What is expected:
Within the entries below, every line containing "have" is to be copied.

++++

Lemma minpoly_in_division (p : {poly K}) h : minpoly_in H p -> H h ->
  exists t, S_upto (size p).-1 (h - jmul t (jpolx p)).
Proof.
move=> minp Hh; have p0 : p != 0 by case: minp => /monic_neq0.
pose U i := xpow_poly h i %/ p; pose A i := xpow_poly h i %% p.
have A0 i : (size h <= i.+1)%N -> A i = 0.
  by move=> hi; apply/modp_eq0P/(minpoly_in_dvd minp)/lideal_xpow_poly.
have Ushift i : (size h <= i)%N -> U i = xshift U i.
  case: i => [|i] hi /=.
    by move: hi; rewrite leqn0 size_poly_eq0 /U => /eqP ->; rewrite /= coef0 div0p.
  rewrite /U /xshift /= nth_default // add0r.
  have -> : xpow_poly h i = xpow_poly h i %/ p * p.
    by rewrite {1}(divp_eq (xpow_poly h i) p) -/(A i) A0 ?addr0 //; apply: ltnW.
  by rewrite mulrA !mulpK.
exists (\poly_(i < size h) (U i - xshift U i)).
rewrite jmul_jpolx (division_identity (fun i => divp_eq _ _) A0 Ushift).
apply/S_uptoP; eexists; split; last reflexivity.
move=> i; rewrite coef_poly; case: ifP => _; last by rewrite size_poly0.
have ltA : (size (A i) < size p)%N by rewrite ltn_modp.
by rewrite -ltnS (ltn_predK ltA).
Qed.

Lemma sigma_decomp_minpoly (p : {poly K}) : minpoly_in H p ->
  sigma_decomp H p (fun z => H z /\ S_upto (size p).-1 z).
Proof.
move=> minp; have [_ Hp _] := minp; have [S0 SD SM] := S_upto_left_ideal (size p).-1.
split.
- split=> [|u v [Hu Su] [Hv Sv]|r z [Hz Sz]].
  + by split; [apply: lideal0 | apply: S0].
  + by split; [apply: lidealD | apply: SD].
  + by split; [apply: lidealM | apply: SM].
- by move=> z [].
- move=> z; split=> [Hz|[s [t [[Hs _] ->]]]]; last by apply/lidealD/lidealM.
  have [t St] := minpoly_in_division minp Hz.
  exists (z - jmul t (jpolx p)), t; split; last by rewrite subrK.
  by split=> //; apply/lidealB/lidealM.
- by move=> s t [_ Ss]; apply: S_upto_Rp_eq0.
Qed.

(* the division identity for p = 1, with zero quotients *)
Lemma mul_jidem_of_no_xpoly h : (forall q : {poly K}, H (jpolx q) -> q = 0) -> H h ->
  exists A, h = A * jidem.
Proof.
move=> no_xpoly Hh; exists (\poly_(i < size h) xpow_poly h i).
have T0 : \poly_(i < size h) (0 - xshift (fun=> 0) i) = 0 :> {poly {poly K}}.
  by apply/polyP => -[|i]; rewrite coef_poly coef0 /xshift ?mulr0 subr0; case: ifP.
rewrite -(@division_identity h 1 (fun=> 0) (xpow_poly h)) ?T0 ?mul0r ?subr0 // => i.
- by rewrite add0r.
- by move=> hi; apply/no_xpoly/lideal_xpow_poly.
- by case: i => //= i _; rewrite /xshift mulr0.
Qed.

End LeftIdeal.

++++

Answer box:
move=> minp Hh; have p0 : p != 0 by case: minp => /monic_neq0.
have A0 i : (size h <= i.+1)%N -> A i = 0.
have Ushift i : (size h <= i)%N -> U i = xshift U i.
  have -> : xpow_poly h i = xpow_poly h i %/ p * p.
have ltA : (size (A i) < size p)%N by rewrite ltn_modp.
move=> minp; have [_ Hp _] := minp; have [S0 SD SM] := S_upto_left_ideal (size p).-1.
  have [t St] := minpoly_in_division minp Hz.
have T0 : \poly_(i < size h) (0 - xshift (fun=> 0) i) = 0 :> {poly {poly K}}.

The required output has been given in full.